Aldelen Günlükleri – Grunhilda Markstrap #2

 

Bu günlükler Grunhilda Markstrap’in, Kayadamar’daki eşine yazdığı mektuplarla oluşturulmuştur.

“Khormondo,

Sende çekiç sapı kadar akıl yok. Oğlandan mektup aldım; gideceğim yeri ileten mektubunu almış, ziyarete geleceğim diyor. Bizimkilerle uğraşasım olsaydı medeniyetten nasiplenmemiş bu yeni kasabaya gelmezdim. Bari kıza yazıp yerimi bildirme.

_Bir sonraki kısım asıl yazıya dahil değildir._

(* Let $M=\langle W,\leq,R,V\rangle$ be a brIML1-model, let $\gamma$ be a formula such that $w\nVdash\gamma$ for some $w\in W$, let $\Sigma$ be the set of all subformulas of $\gamma$, and let $M_\Sigma=\langle W_\Sigma,\leq_\Sigma,R_\Sigma,V_\Sigma\rangle$ be the filtered model. Then for every $w\in W$ and every $\alpha\in\Sigma$: $w\Vdash_M\alpha$ iff $[w]\Vdash_{M_\Sigma}\alpha$.
   Context: Formulas are built from a denumerable set $PV$ of propositional variables and $\bot$ using $\land,\lor,\rightarrow$ and unary $\Delta$. A brIML1-model $\langle W,\leq,R,V\rangle$: $W$ non-empty, $\leq$ a partial order, $R$ a binary relation with ($w\leq v\Rightarrow wRv$) and ($w\leq v$, $vRu$ $\Rightarrow wRu$), $V:PV\to P(W)$ upward closed under $\leq$. Forcing: atoms via $V$; $\bot$ never; $\land,\lor$ pointwise; $w\Vdash\varphi\rightarrow\psi$ iff every $v\geq w$ has $v\nVdash\varphi$ or $v\Vdash\psi$; $w\Vdash\Delta\varphi$ iff every $v$ with $wRv$ has $v\Vdash\varphi$. Filtration: $w\sim v$ iff $w,v$ force the same formulas of $\Sigma$; $[w]$ the class of $w$; $W_\Sigma=\{[w]:w\in W\}$; $[w]\leq_\Sigma[v]$ iff every $\alpha\in\Sigma$ forced at $w$ is forced at $v$; $[w]R_\Sigma[v]$ iff for every $\Delta\beta\in\Sigma$, $w\Vdash\Delta\beta$ implies $v\Vdash\beta$; $V_\Sigma(q)=\{[w]:w\in V(q)\}$ if $q\in\Sigma$ and $V_\Sigma(q)=\emptyset$ if $q\notin\Sigma$. Forcing in $M_\Sigma$ is bi-relational forcing with respect to $\leq_\Sigma,R_\Sigma,V_\Sigma$. *)

Set Implicit Arguments.

Inductive form : Type :=
| Var : nat -> form
| Bot : form
| And : form -> form -> form
| Or : form -> form -> form
| Imp : form -> form -> form
| Delta : form -> form.

Fixpoint force (W : Type) (le R : W -> W -> Prop) (V : nat -> W -> Prop)
  (w : W) (phi : form) {struct phi} : Prop :=
  match phi with
  | Var q => V q w
  | Bot => False
  | And a b => force le R V w a /\ force le R V w b
  | Or a b => force le R V w a \/ force le R V w b
  | Imp a b => forall v, le w v -> ~ force le R V v a \/ force le R V v b
  | Delta a => forall v, R w v -> force le R V v a
  end.

Definition brIML1_model (W : Type) (le R : W -> W -> Prop) (V : nat -> W -> Prop) : Prop :=
  inhabited W /\
  (forall w, le w w) /\
  (forall w v, le w v -> le v w -> w = v) /\
  (forall w v u, le w v -> le v u -> le w u) /\
  (forall w v, le w v -> R w v) /\
  (forall w v u, le w v -> R v u -> R w u) /\
  (forall q w v, V q w -> le w v -> V q v).

Fixpoint subformula (a g : form) : Prop :=
  a = g \/
  match g with
  | Var _ | Bot => False
  | And b c | Or b c | Imp b c => subformula a b \/ subformula a c
  | Delta b => subformula a b
  end.

Section Filtration.
Variables (W : Type) (le R : W -> W -> Prop) (V : nat -> W -> Prop) (Sigma : form -> Prop).

Let frc := force le R V.

Definition sim (w v : W) : Prop := forall a, Sigma a -> (frc w a <-> frc v a).

Definition cls (w : W) : W -> Prop := fun v => sim w v.

Definition WS : Type := { C : W -> Prop | exists w, C = cls w }.

Definition leS (C D : WS) : Prop :=
  exists w v, proj1_sig C = cls w /\ proj1_sig D = cls v /\
    (forall a, Sigma a -> frc w a -> frc v a).

Definition RS (C D : WS) : Prop :=
  exists w v, proj1_sig C = cls w /\ proj1_sig D = cls v /\
    (forall b, Sigma (Delta b) -> frc w (Delta b) -> frc v b).

Definition VS (q : nat) (C : WS) : Prop :=
  Sigma (Var q) /\ exists w, V q w /\ proj1_sig C = cls w.

Definition clsS (w : W) : WS := exist _ (cls w) (ex_intro _ w eq_refl).

Definition forceS (C : WS) (a : form) : Prop := force leS RS VS C a.

End Filtration.
Arguments forceS : clear implicits.
Arguments clsS : clear implicits.

(** Induction on the formula, for any set [Sigma] closed under subformulas,
    proving the equivalence at every representative of a class.  The only
    model property used is persistence of forcing along [le], which makes
    [le w v] imply [[w] <=_Sigma [v]]; conversely, a [<=_Sigma]- or
    [R_Sigma]-step between classes transfers, by its very definition, the
    forcing of an implication or a [Delta]-formula of [Sigma] to the
    representative of the target class. *)

From Stdlib Require Import Setoid.

Lemma subformula_refl (a : form) : subformula a a.
Proof. destruct a; left; reflexivity. Qed.

Lemma subformula_trans (a b c : form) :
  subformula a b -> subformula b c -> subformula a c.
Proof.
  intros Hab. induction c; intros [-> | Hbc]; try exact Hab; simpl in Hbc |- *;
    right; try contradiction; try (destruct Hbc; auto); auto.
Qed.

Definition subformula_closed (Sigma : form -> Prop) : Prop :=
  forall a b, subformula a b -> Sigma b -> Sigma a.

Lemma subformulas_closed (gamma : form) :
  subformula_closed (fun b => subformula b gamma).
Proof. intros a b Hab Hb. exact (subformula_trans a b gamma Hab Hb). Qed.

Lemma force_persistent {W : Type} {le R : W -> W -> Prop} {V : nat -> W -> Prop} :
  brIML1_model le R V ->
  forall a w v, le w v -> force le R V w a -> force le R V v a.
Proof.
  intros (_ & _ & _ & le_trans & _ & le_R_comp & V_up).
  induction a; simpl; intros w v Hwv H; eauto.
  - destruct H; split; eauto.
  - destruct H; [left | right]; eauto.
Qed.

Section TruthLemma.

Context {W : Type} {le R : W -> W -> Prop} {V : nat -> W -> Prop}
  {Sigma : form -> Prop}.
Hypothesis model : brIML1_model le R V.
Hypothesis closed : subformula_closed Sigma.

Local Notation frc := (force le R V).
Local Notation cl := (cls le R V Sigma).
Local Notation clS w := (clsS W le R V Sigma w).

Lemma cls_eq_sim (w1 w2 : W) : cl w1 = cl w2 -> sim le R V Sigma w1 w2.
Proof.
  intros E.
  assert (Hw2 : cl w2 w2) by (intros b _; split; auto).
  rewrite <- E in Hw2. exact Hw2.
Qed.

Lemma leS_of_le {C : WS le R V Sigma} {w v : W} :
  proj1_sig C = cl w -> le w v -> leS C (clS v).
Proof.
  intros EC Hwv. exists w, v. repeat split; [exact EC |].
  intros b _. exact (force_persistent model b w v Hwv).
Qed.

Lemma RS_of_R {C : WS le R V Sigma} {w v : W} :
  proj1_sig C = cl w -> R w v -> RS C (clS v).
Proof.
  intros EC Hwv. exists w, v. repeat split; [exact EC |].
  intros b _ Hb. exact (Hb v Hwv).
Qed.

Lemma filtration_truth (a : form) : Sigma a ->
  forall (C : WS le R V Sigma) (w : W), proj1_sig C = cl w ->
    (frc w a <-> forceS W le R V Sigma C a).
Proof.
  induction a as [q| |a1 IH1 a2 IH2|a1 IH1 a2 IH2|a1 IH1 a2 IH2|a IH];
    intros Ha C w EC; unfold forceS; simpl.
  - split.
    + intros Hq. split; [exact Ha | exists w; auto].
    + intros (_ & w' & Hq & E). rewrite EC in E.
      exact (proj2 (cls_eq_sim w w' E _ Ha) Hq).
  - reflexivity.
  - pose proof (closed a1 (And a1 a2) (or_intror (or_introl (subformula_refl a1))) Ha) as Ha1.
    pose proof (closed a2 (And a1 a2) (or_intror (or_intror (subformula_refl a2))) Ha) as Ha2.
    rewrite (IH1 Ha1 C w EC), (IH2 Ha2 C w EC). reflexivity.
  - pose proof (closed a1 (Or a1 a2) (or_intror (or_introl (subformula_refl a1))) Ha) as Ha1.
    pose proof (closed a2 (Or a1 a2) (or_intror (or_intror (subformula_refl a2))) Ha) as Ha2.
    rewrite (IH1 Ha1 C w EC), (IH2 Ha2 C w EC). reflexivity.
  - pose proof (closed a1 (Imp a1 a2) (or_intror (or_introl (subformula_refl a1))) Ha) as Ha1.
    pose proof (closed a2 (Imp a1 a2) (or_intror (or_intror (subformula_refl a2))) Ha) as Ha2.
    split.
    + intros Himp D (w' & v & E & ED & transfer).
      rewrite EC in E.
      assert (Hv : frc v (Imp a1 a2)).
      { apply transfer; [exact Ha |]. exact (proj1 (cls_eq_sim w w' E _ Ha) Himp). }
      destruct model as (_ & le_refl & _).
      destruct (Hv v (le_refl v)) as [Hn | Hp].
      * left. rewrite <- (IH1 Ha1 D v ED). exact Hn.
      * right. exact (proj1 (IH2 Ha2 D v ED) Hp).
    + intros Himp v Hwv.
      destruct (Himp _ (leS_of_le EC Hwv)) as [Hn | Hp].
      * left. rewrite (IH1 Ha1 (clS v) v eq_refl). exact Hn.
      * right. exact (proj2 (IH2 Ha2 (clS v) v eq_refl) Hp).
  - pose proof (closed a (Delta a) (or_intror (subformula_refl a)) Ha) as Ha'.
    split.
    + intros Hbox D (w' & v & E & ED & transfer).
      rewrite EC in E.
      apply (IH Ha' D v ED), transfer; [exact Ha |].
      exact (proj1 (cls_eq_sim w w' E _ Ha) Hbox).
    + intros Hbox v Hwv.
      exact (proj2 (IH Ha' (clS v) v eq_refl) (Hbox _ (RS_of_R EC Hwv))).
Qed.

End TruthLemma.

Theorem theorem5p4 (W : Type) (le R : W -> W -> Prop) (V : nat -> W -> Prop)
  (gamma : form) :
  brIML1_model le R V ->
  (exists w, ~ force le R V w gamma) ->
  forall (w : W) (a : form), subformula a gamma ->
    (force le R V w a <->
     forceS W le R V (fun b => subformula b gamma)
       (clsS W le R V (fun b => subformula b gamma) w) a).
Proof.
  intros model _ w a Ha.
  exact (filtration_truth model (subformulas_closed gamma) a Ha
           (clsS _ _ _ _ _ w) w eq_refl).
Qed.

Geçen hafta nihayet buradaki madene gittik. Yanımda gene vali, Çubuk ve tanımadığım birkaç kişi daha vardı. Yolda gnolle rastlamadık; hem ne yalan söyleyeyim bende gnoll gözleyecek kafa yoktu. Maden için vaktiyle açtıkları yol zaman içinde kapanmış, at arabasıyla zorlana zorlana çıktık. Bir yerde kaya yığını vardı; ittirip uçuruma yuvarladık ama ikincisi yolumuzu kesti. Yanımda insan şeyler değil de bizim klandan heybetli birkaç cüce olsaydı hakkından gelirdik ama yanımdakilerin cılız kolları güven vermedi.

Madeni iyi planlamışlar; bina yapımına uygun kayalar gene vardı ama daha ziyadesi demir toplulukları gördüm. Demirin olduğu yerde mücevher de olur ama bunu yüksek sesle dile getirmeyeyim dedim.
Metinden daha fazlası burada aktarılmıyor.